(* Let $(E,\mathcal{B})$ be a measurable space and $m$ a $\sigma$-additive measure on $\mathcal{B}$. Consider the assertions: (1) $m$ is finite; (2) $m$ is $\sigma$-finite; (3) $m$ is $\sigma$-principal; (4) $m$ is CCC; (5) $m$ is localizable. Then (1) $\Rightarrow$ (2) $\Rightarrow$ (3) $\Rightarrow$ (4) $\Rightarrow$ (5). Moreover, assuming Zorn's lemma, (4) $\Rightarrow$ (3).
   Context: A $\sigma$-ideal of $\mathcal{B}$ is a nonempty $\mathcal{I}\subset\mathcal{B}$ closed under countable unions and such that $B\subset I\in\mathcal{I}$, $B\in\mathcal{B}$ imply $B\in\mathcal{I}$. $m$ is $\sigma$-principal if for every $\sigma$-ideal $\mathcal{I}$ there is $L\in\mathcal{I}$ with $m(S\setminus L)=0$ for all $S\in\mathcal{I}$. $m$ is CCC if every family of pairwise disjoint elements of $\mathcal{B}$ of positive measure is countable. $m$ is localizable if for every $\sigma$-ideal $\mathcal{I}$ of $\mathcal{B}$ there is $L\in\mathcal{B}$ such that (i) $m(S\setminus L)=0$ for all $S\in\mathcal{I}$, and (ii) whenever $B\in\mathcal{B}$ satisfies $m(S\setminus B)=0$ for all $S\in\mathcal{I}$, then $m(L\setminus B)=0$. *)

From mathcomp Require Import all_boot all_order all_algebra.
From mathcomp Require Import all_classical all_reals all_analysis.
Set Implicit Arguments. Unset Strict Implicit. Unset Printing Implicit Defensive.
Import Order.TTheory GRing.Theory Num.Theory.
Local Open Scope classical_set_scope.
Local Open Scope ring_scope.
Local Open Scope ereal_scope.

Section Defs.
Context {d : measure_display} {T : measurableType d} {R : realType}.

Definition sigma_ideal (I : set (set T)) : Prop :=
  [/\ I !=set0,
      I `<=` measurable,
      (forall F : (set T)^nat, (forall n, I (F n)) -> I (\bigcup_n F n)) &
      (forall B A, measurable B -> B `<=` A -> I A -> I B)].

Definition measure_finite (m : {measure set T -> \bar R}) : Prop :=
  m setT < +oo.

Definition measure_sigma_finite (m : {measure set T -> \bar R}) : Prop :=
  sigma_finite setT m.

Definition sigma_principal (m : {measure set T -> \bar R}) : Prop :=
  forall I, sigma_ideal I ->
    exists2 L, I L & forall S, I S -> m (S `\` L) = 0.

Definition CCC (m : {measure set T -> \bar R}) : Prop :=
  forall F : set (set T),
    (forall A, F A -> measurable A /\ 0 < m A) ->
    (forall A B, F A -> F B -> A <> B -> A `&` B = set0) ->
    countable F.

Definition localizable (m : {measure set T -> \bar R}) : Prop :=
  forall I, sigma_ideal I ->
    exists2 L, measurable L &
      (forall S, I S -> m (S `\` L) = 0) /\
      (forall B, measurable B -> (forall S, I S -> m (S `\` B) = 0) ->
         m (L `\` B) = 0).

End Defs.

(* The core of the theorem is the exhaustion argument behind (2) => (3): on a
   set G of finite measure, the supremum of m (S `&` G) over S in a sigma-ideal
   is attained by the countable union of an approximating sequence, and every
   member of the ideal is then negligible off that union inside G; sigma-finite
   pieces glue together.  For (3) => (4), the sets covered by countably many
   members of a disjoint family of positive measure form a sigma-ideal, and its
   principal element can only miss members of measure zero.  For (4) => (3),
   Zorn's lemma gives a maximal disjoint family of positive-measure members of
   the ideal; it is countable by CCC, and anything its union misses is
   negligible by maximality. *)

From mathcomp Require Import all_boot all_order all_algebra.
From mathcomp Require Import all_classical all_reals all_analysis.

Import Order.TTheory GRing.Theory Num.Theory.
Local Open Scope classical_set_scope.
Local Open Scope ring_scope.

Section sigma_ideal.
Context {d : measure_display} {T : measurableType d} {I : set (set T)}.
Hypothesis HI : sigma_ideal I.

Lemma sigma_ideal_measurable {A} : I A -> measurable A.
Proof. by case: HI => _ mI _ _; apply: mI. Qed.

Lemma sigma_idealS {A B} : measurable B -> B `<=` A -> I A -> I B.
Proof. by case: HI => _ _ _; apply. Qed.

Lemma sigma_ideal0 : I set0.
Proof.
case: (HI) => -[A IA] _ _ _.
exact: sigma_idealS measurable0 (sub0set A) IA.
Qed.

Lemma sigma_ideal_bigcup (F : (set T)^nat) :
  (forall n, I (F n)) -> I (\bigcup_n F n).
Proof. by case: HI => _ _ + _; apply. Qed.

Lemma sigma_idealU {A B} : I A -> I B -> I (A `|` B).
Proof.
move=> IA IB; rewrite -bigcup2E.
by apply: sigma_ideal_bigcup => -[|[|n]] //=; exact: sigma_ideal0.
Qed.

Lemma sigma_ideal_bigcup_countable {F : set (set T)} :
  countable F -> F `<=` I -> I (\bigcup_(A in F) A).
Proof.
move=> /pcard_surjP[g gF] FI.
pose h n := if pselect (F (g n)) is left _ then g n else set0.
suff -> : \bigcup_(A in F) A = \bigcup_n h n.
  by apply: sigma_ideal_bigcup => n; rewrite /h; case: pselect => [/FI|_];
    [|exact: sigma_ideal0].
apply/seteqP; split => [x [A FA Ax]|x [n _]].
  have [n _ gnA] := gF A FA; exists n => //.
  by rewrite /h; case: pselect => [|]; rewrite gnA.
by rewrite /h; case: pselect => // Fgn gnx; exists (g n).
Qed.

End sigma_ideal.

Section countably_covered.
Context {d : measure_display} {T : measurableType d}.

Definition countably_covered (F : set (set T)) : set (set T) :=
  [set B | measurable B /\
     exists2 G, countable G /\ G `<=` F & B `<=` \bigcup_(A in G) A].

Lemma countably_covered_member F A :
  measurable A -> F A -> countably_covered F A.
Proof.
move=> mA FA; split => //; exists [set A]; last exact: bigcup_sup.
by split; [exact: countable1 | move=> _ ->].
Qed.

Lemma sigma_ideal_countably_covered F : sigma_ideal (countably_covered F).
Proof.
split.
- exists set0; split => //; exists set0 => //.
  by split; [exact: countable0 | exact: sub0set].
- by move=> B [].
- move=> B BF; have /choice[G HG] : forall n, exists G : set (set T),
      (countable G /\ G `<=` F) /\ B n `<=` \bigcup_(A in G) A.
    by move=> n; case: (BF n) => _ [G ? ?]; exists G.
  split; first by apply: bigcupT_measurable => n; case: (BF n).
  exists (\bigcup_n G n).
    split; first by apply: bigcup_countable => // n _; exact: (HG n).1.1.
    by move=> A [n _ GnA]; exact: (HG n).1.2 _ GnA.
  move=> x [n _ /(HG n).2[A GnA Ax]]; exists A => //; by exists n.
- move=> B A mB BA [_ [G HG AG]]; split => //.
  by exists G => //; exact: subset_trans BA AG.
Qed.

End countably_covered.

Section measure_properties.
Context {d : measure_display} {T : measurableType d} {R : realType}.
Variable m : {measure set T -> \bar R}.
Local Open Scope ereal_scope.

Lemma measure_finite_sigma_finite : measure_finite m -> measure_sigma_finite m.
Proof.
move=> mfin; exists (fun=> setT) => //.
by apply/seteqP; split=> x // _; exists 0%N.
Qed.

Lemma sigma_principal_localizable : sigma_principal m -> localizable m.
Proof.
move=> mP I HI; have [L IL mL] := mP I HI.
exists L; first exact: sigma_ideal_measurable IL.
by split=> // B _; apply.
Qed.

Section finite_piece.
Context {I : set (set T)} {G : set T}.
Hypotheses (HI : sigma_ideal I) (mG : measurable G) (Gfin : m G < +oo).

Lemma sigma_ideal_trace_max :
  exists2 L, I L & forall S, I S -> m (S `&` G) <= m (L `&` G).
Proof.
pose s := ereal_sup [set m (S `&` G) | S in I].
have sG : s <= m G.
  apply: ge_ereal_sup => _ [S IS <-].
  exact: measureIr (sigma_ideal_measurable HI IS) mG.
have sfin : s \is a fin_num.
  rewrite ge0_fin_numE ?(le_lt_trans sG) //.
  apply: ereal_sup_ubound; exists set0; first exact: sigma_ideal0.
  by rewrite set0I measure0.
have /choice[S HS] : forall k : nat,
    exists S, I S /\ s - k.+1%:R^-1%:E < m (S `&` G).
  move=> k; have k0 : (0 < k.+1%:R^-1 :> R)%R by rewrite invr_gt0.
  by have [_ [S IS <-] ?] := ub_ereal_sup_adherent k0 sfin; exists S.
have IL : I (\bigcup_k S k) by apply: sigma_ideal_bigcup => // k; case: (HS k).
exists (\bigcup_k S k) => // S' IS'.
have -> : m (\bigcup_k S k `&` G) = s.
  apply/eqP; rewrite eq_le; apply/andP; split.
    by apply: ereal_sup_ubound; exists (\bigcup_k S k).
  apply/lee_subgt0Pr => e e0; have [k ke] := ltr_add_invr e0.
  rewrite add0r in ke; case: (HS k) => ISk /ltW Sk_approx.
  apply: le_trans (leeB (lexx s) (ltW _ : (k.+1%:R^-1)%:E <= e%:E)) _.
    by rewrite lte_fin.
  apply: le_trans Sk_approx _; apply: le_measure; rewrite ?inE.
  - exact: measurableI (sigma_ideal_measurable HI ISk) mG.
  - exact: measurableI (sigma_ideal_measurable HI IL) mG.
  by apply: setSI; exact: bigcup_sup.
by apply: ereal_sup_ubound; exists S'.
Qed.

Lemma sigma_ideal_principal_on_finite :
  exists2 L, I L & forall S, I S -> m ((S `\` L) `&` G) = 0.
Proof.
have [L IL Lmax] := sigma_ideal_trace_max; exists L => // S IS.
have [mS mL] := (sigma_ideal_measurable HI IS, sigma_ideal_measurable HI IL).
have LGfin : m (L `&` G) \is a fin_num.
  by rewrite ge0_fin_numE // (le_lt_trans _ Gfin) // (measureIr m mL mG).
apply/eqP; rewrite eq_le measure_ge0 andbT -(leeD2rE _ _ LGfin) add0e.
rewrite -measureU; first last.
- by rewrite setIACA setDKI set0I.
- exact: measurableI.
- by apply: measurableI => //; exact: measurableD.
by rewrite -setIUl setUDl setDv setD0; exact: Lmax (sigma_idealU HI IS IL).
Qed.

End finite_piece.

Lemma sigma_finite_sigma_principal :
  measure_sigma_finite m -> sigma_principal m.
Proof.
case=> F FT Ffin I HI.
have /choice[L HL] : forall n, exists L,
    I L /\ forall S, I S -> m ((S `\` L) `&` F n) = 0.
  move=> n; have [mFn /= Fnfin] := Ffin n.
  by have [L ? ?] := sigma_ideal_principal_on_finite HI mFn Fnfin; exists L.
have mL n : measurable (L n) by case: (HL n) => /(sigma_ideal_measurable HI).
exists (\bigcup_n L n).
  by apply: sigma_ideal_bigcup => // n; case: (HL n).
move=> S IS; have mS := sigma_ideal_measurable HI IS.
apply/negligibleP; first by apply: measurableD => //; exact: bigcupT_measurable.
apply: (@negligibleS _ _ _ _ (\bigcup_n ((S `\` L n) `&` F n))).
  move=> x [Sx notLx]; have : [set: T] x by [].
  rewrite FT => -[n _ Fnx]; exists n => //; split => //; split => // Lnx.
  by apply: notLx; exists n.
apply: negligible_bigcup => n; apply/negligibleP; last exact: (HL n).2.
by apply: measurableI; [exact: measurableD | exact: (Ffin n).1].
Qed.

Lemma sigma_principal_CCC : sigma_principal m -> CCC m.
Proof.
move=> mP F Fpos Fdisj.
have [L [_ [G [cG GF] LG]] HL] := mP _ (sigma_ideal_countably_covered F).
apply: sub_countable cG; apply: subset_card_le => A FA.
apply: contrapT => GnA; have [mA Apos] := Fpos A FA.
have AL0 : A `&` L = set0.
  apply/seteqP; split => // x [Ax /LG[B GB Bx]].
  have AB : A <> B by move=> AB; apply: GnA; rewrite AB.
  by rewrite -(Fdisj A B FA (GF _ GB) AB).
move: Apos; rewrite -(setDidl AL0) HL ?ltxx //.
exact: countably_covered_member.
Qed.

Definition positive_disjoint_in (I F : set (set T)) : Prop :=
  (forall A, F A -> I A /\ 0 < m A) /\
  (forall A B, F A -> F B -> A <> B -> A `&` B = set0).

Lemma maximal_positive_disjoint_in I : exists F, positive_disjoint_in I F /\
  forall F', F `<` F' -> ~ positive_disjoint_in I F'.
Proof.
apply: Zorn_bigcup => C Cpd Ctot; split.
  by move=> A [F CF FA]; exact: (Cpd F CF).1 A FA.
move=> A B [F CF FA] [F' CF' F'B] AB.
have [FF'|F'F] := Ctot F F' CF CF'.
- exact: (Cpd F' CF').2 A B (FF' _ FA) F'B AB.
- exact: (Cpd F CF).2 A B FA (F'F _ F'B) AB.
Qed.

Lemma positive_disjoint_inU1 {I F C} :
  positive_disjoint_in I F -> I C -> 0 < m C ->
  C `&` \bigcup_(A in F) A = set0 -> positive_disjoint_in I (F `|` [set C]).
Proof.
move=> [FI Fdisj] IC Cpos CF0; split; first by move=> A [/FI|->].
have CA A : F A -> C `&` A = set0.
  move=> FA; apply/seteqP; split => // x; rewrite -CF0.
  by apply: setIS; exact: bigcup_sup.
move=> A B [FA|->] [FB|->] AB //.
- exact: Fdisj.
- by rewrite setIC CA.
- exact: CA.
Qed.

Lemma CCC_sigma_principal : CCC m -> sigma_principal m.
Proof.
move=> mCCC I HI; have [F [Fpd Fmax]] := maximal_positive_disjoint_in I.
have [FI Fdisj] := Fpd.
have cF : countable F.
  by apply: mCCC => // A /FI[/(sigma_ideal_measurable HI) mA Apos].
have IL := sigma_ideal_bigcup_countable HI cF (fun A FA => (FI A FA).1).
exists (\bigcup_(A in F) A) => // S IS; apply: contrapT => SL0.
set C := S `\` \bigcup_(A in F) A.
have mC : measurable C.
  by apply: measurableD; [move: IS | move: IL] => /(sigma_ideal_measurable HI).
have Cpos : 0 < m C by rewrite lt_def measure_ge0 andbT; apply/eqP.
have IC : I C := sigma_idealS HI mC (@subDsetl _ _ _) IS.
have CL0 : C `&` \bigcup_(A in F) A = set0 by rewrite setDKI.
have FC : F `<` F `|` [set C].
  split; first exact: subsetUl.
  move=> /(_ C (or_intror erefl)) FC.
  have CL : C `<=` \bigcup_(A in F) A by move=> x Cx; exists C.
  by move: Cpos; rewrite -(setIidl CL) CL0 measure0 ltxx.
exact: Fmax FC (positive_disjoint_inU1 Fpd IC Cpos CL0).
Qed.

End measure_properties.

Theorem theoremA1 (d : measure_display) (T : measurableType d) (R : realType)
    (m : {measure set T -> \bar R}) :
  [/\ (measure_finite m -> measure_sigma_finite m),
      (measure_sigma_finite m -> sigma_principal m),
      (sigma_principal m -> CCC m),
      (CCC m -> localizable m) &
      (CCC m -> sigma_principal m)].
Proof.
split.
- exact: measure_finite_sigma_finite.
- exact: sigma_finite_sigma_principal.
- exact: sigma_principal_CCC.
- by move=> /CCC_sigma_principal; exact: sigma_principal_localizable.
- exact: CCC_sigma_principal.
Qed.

★ ★ ★

Copy the lines of the data above exactly as written, beginning with the line containing "the ideal; it" and ending with the line containing "Proof. by case: HI => _ _ + _; apply. Qed.", and leave out all other lines.

Problem solution >>
   the ideal; it is countable by CCC, and anything its union misses is
   negligible by maximality. *)

From mathcomp Require Import all_boot all_order all_algebra.
From mathcomp Require Import all_classical all_reals all_analysis.

Import Order.TTheory GRing.Theory Num.Theory.
Local Open Scope classical_set_scope.
Local Open Scope ring_scope.

Section sigma_ideal.
Context {d : measure_display} {T : measurableType d} {I : set (set T)}.
Hypothesis HI : sigma_ideal I.

Lemma sigma_ideal_measurable {A} : I A -> measurable A.
Proof. by case: HI => _ mI _ _; apply: mI. Qed.

Lemma sigma_idealS {A B} : measurable B -> B `<=` A -> I A -> I B.
Proof. by case: HI => _ _ _; apply. Qed.

Lemma sigma_ideal0 : I set0.
Proof.
case: (HI) => -[A IA] _ _ _.
exact: sigma_idealS measurable0 (sub0set A) IA.
Qed.

Lemma sigma_ideal_bigcup (F : (set T)^nat) :
  (forall n, I (F n)) -> I (\bigcup_n F n).
Proof. by case: HI => _ _ + _; apply. Qed.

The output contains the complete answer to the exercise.